What to work on
Those lines of the records that contain "eqbRL" are to be located and copied.

----------

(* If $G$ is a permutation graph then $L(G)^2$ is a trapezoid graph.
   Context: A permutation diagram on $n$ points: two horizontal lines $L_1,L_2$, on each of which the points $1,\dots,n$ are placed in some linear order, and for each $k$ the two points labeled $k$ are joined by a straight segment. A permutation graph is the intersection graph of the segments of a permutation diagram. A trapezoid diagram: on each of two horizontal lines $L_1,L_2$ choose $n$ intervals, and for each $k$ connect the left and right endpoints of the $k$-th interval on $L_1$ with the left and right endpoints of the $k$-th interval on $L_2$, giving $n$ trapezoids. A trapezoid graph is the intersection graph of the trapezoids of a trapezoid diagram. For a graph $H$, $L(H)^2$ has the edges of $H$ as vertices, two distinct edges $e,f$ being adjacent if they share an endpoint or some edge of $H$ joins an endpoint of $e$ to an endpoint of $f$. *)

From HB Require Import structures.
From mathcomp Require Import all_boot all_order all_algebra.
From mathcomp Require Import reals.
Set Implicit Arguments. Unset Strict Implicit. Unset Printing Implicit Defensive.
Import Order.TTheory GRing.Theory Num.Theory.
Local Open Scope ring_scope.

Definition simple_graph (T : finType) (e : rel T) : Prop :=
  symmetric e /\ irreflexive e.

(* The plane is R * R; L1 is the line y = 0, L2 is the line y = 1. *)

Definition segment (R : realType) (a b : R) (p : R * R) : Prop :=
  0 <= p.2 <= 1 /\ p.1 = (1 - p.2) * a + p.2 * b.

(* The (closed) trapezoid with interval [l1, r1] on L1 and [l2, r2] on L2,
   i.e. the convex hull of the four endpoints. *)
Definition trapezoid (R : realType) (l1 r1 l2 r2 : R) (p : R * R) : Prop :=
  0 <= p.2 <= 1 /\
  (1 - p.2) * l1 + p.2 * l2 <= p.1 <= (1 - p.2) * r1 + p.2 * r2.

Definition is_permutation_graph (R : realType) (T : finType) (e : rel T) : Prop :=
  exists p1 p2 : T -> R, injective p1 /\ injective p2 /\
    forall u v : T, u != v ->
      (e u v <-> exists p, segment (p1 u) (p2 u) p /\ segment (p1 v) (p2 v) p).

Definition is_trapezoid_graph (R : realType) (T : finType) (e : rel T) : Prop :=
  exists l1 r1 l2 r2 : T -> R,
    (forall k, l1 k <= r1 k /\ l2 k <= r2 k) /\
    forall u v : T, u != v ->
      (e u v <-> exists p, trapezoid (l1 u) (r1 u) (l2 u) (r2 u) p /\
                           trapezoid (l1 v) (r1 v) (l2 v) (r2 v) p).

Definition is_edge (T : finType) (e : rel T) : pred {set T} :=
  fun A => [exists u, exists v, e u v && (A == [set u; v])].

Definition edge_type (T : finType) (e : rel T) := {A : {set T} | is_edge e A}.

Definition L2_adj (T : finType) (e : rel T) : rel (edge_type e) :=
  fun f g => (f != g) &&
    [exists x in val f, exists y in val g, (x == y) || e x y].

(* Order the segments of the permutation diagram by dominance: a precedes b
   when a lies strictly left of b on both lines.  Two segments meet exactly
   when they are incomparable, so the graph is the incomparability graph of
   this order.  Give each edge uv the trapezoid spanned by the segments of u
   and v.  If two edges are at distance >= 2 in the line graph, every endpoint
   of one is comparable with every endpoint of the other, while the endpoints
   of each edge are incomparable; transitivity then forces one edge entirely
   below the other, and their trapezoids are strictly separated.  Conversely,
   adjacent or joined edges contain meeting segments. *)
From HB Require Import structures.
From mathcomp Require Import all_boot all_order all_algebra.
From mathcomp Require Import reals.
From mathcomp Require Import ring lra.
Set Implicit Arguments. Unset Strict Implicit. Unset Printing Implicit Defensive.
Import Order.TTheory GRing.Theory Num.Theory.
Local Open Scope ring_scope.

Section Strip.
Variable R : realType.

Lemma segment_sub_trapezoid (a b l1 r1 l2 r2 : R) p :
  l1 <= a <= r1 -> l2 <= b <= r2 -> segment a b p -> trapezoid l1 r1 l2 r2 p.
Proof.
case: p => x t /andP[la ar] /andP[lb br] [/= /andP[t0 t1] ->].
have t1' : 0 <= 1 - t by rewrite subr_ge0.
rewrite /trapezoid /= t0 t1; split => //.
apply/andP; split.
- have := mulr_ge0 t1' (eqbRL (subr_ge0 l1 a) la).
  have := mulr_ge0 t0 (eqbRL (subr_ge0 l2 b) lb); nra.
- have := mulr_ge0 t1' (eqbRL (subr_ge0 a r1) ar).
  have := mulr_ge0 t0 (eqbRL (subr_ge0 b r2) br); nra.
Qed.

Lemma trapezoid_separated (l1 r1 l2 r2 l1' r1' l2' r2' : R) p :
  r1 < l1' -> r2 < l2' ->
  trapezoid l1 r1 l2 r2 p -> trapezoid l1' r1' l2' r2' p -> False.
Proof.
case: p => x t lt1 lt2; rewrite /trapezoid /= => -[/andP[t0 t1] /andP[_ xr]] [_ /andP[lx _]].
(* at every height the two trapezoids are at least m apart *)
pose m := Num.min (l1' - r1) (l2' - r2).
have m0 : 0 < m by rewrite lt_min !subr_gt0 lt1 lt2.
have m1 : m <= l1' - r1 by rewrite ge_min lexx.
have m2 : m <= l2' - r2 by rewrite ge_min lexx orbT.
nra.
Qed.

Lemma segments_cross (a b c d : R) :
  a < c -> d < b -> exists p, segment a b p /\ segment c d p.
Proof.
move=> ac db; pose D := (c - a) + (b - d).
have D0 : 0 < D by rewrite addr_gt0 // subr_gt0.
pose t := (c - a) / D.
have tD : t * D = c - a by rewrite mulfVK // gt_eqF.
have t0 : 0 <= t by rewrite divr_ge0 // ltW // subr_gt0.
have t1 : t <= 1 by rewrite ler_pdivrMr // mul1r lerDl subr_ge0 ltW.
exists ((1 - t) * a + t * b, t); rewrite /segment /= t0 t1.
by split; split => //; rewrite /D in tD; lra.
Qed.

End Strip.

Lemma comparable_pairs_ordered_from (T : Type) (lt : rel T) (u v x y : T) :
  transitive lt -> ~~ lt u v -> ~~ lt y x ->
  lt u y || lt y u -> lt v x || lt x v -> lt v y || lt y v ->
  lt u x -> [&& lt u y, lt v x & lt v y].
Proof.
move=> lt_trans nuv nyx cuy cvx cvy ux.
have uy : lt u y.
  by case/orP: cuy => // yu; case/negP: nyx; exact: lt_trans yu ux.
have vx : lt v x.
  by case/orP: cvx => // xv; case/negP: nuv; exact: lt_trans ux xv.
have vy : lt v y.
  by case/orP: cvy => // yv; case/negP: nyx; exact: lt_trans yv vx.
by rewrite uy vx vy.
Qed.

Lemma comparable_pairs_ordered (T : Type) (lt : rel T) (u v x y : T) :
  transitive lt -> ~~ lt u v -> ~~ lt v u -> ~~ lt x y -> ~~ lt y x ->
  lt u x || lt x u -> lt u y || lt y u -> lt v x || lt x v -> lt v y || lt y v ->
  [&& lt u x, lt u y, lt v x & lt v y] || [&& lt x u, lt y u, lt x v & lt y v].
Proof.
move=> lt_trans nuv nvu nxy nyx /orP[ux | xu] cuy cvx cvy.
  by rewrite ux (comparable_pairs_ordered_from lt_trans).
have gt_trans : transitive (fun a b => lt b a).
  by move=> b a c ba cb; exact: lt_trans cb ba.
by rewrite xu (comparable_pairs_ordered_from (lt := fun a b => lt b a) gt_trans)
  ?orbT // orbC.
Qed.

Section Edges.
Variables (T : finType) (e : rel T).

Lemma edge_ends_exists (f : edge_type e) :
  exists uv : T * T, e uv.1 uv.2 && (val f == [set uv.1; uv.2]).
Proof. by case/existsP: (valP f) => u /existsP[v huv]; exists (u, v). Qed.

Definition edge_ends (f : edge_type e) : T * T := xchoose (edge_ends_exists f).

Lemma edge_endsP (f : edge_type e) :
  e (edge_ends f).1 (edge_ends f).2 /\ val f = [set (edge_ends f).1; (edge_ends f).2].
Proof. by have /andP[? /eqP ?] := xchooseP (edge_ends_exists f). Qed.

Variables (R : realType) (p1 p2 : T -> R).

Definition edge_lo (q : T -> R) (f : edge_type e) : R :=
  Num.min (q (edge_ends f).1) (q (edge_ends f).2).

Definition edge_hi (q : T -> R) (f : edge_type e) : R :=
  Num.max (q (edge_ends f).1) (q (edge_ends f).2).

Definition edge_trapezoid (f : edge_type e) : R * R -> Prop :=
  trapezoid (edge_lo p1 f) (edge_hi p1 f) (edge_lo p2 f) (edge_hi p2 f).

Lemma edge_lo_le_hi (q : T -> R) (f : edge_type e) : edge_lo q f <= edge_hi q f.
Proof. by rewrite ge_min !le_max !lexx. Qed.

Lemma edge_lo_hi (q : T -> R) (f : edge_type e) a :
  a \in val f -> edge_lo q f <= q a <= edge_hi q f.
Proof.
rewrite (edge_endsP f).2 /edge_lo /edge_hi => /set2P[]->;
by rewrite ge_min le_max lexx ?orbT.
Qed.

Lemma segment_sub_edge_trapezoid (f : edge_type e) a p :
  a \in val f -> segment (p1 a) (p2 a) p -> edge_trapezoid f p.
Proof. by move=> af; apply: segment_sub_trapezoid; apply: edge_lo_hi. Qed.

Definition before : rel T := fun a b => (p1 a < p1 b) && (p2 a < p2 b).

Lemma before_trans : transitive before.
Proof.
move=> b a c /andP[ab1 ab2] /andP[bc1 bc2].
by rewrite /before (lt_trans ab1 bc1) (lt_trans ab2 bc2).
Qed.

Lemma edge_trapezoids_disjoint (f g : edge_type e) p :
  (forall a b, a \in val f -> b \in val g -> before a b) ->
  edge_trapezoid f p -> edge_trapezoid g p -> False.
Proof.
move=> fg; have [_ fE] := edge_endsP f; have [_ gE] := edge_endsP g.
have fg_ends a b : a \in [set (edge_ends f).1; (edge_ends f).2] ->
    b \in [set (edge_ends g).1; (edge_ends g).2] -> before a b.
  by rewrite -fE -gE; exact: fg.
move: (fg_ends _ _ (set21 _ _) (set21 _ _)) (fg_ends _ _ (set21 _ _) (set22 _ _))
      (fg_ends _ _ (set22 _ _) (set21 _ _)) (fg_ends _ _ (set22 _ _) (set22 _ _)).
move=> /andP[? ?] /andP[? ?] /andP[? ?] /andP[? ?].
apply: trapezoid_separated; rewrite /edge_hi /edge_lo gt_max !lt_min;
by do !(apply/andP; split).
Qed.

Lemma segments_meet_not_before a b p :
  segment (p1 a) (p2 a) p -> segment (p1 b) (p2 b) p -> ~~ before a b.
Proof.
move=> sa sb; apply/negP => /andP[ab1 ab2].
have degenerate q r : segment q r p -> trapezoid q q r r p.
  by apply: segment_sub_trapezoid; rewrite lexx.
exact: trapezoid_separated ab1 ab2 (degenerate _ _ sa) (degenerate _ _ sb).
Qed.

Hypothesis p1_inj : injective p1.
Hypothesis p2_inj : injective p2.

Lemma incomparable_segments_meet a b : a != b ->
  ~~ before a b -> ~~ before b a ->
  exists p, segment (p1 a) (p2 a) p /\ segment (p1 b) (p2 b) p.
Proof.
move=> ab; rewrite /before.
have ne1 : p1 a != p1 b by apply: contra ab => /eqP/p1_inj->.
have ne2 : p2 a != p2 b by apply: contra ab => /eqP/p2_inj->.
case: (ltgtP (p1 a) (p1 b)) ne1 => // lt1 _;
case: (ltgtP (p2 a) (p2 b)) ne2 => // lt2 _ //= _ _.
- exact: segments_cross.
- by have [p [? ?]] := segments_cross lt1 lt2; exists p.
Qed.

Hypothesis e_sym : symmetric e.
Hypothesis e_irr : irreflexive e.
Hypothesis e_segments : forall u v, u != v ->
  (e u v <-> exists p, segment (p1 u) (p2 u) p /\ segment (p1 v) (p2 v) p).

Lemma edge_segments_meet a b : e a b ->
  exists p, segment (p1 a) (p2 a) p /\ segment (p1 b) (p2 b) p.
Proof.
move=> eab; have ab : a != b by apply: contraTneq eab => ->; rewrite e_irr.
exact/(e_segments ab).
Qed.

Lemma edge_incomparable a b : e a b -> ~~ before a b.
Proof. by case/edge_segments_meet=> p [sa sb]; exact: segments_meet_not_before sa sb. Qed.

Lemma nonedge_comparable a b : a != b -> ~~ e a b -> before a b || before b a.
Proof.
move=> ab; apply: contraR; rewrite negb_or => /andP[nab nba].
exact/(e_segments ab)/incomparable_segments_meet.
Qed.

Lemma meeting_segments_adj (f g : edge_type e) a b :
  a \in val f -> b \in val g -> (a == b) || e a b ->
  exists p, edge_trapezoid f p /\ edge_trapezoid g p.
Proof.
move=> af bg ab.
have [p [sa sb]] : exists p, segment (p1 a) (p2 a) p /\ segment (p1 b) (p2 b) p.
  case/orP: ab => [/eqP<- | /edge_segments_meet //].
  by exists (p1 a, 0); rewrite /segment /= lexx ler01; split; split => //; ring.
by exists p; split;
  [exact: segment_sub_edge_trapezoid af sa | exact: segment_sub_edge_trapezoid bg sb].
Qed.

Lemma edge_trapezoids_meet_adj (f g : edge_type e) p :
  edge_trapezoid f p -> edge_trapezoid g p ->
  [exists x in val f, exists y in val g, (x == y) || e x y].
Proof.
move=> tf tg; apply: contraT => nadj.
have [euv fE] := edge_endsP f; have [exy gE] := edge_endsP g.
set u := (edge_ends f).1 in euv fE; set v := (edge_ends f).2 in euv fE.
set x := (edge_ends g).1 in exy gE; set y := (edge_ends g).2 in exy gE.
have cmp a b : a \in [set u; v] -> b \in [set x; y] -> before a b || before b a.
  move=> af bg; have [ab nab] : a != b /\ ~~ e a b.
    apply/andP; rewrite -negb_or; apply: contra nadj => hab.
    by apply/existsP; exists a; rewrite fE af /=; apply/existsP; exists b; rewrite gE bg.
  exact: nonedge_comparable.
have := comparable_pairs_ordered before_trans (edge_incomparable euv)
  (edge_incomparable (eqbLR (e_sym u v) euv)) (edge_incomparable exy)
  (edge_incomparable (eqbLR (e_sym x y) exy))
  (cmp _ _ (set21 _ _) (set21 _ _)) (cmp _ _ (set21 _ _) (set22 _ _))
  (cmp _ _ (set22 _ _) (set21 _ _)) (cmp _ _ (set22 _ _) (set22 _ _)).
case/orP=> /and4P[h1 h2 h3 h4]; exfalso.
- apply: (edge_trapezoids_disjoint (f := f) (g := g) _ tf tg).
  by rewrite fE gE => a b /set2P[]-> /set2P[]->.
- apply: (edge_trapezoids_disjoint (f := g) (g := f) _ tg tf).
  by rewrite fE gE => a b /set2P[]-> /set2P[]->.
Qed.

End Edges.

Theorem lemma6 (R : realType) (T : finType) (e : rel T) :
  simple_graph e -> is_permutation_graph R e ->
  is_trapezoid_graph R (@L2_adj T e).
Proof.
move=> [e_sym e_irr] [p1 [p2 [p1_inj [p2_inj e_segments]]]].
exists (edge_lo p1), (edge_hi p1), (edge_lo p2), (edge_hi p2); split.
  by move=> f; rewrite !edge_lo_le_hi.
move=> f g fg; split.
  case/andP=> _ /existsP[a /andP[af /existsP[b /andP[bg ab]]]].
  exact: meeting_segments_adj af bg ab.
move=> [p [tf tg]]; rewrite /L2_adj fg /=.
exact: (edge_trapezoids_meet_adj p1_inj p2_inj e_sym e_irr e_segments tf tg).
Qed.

----------

Solution for this task
- have := mulr_ge0 t1' (eqbRL (subr_ge0 l1 a) la).
  have := mulr_ge0 t0 (eqbRL (subr_ge0 l2 b) lb); nra.
- have := mulr_ge0 t1' (eqbRL (subr_ge0 a r1) ar).
  have := mulr_ge0 t0 (eqbRL (subr_ge0 b r2) br); nra.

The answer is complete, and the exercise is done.